Definition realise (u : cvec) : seq gT := map d6_enc (canon u).

Lemma gcounts_realise u : gcounts (realise u) = u.
Proof. by rewrite /gcounts /realise (mapK d6_encK) counts_canon. Qed.

Lemma seq_equivP (S S' : seq gT) :
  seq_equiv S S' <-> class_sig (gcounts S) = class_sig (gcounts S').
Proof.
split=> [h | /eqP /class_sigP h T].
  apply/eqP/class_sigP => t; have := h (realise t).
  by rewrite !inB_gcounts !gcounts_cat gcounts_realise => -[h1 h2]; apply/idP/idP.
by rewrite !inB_gcounts !gcounts_cat h.
Qed.

Lemma class_semigroup_card26 : class_semigroup_card gT 26.
Proof.
exists (map realise class_reps); rewrite size_map; split=> //; split.
  move=> i j hi hj /seq_equivP; rewrite !(nth_map (0, 0, 0, 0, 0)%N) // !gcounts_realise.
  move=> h; apply/eqP; rewrite -(nth_uniq [::] _ _ class_reps_sig_uniq) ?size_map //.
  by rewrite !(nth_map (0, 0, 0, 0, 0)%N) // h.
move=> S; have [r hr hS] := class_reps_cover (map d6_dec S).
exists (realise r); first exact: map_f.
by apply/seq_equivP; rewrite gcounts_realise.
Qed.

Lemma gcounts_nseq_b n : gcounts (nseq n b) = (0, 0, n, 0, 0)%N.
Proof.
have db : d6_dec b = ref0 by rewrite -(d6_encK ref0) /d6_enc /= expg1 expg0 mul1g.
by rewrite /gcounts map_nseq db /counts !cnt_nseq /=; congr (_, _, _, _, _); lia.
Qed.

Lemma b_not_in_subgroup : ~ in_some_subgroup [:: b].
Proof.
case=> H [hH hb1].
have h42 : seq_equiv (nseq 4 b) (nseq 2 b).
  by apply/seq_equivP; rewrite !gcounts_nseq_b; vm_compute.
have h13 : ~ seq_equiv (nseq 1 b) (nseq 3 b).
  by move/seq_equivP/eqP; rewrite !gcounts_nseq_b; vm_compute.
exact: h13 (class_subgroup_square_idem hH hb1 h42).
Qed.

End Presentation.

Theorem mainTheorem11 (gT : finGroupType) (a b : gT)
  (hcard : #|[set: gT]| = 6)
  (hgen : <<[set a; b]>>%g = [set: gT])
  (ha : (a ^+ 3 = 1)%g) (hb : (b ^+ 2 = 1)%g)
  (hba : (b * a = a ^+ 2 * b)%g) :
  class_semigroup_card gT 26 /\
  ~ class_semigroup_clifford gT /\
  ~ in_some_subgroup [:: b].
Proof.
have nb := b_not_in_subgroup gT a b hcard hgen ha hb hba.
split; first exact: class_semigroup_card26 gT a b hcard hgen ha hb hba.
by split=> // hcl; apply: nb; exact: hcl.
Qed.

Problem description: All the lines above must be output exactly, with none omitted.

Answer to the exercise:
Definition realise (u : cvec) : seq gT := map d6_enc (canon u).

Lemma gcounts_realise u : gcounts (realise u) = u.
Proof. by rewrite /gcounts /realise (mapK d6_encK) counts_canon. Qed.

Lemma seq_equivP (S S' : seq gT) :
  seq_equiv S S' <-> class_sig (gcounts S) = class_sig (gcounts S').
Proof.
split=> [h | /eqP /class_sigP h T].
  apply/eqP/class_sigP => t; have := h (realise t).
  by rewrite !inB_gcounts !gcounts_cat gcounts_realise => -[h1 h2]; apply/idP/idP.
by rewrite !inB_gcounts !gcounts_cat h.
Qed.

Lemma class_semigroup_card26 : class_semigroup_card gT 26.
Proof.
exists (map realise class_reps); rewrite size_map; split=> //; split.
  move=> i j hi hj /seq_equivP; rewrite !(nth_map (0, 0, 0, 0, 0)%N) // !gcounts_realise.
  move=> h; apply/eqP; rewrite -(nth_uniq [::] _ _ class_reps_sig_uniq) ?size_map //.
  by rewrite !(nth_map (0, 0, 0, 0, 0)%N) // h.
move=> S; have [r hr hS] := class_reps_cover (map d6_dec S).
exists (realise r); first exact: map_f.
by apply/seq_equivP; rewrite gcounts_realise.
Qed.

Lemma gcounts_nseq_b n : gcounts (nseq n b) = (0, 0, n, 0, 0)%N.
Proof.
have db : d6_dec b = ref0 by rewrite -(d6_encK ref0) /d6_enc /= expg1 expg0 mul1g.
by rewrite /gcounts map_nseq db /counts !cnt_nseq /=; congr (_, _, _, _, _); lia.
Qed.

Lemma b_not_in_subgroup : ~ in_some_subgroup [:: b].
Proof.
case=> H [hH hb1].
have h42 : seq_equiv (nseq 4 b) (nseq 2 b).
  by apply/seq_equivP; rewrite !gcounts_nseq_b; vm_compute.
have h13 : ~ seq_equiv (nseq 1 b) (nseq 3 b).
  by move/seq_equivP/eqP; rewrite !gcounts_nseq_b; vm_compute.
exact: h13 (class_subgroup_square_idem hH hb1 h42).
Qed.

End Presentation.

Theorem mainTheorem11 (gT : finGroupType) (a b : gT)
  (hcard : #|[set: gT]| = 6)
  (hgen : <<[set a; b]>>%g = [set: gT])
  (ha : (a ^+ 3 = 1)%g) (hb : (b ^+ 2 = 1)%g)
  (hba : (b * a = a ^+ 2 * b)%g) :
  class_semigroup_card gT 26 /\
  ~ class_semigroup_clifford gT /\
  ~ in_some_subgroup [:: b].
Proof.
have nb := b_not_in_subgroup gT a b hcard hgen ha hb hba.
split; first exact: class_semigroup_card26 gT a b hcard hgen ha hb hba.
by split=> // hcl; apply: nb; exact: hcl.
Qed.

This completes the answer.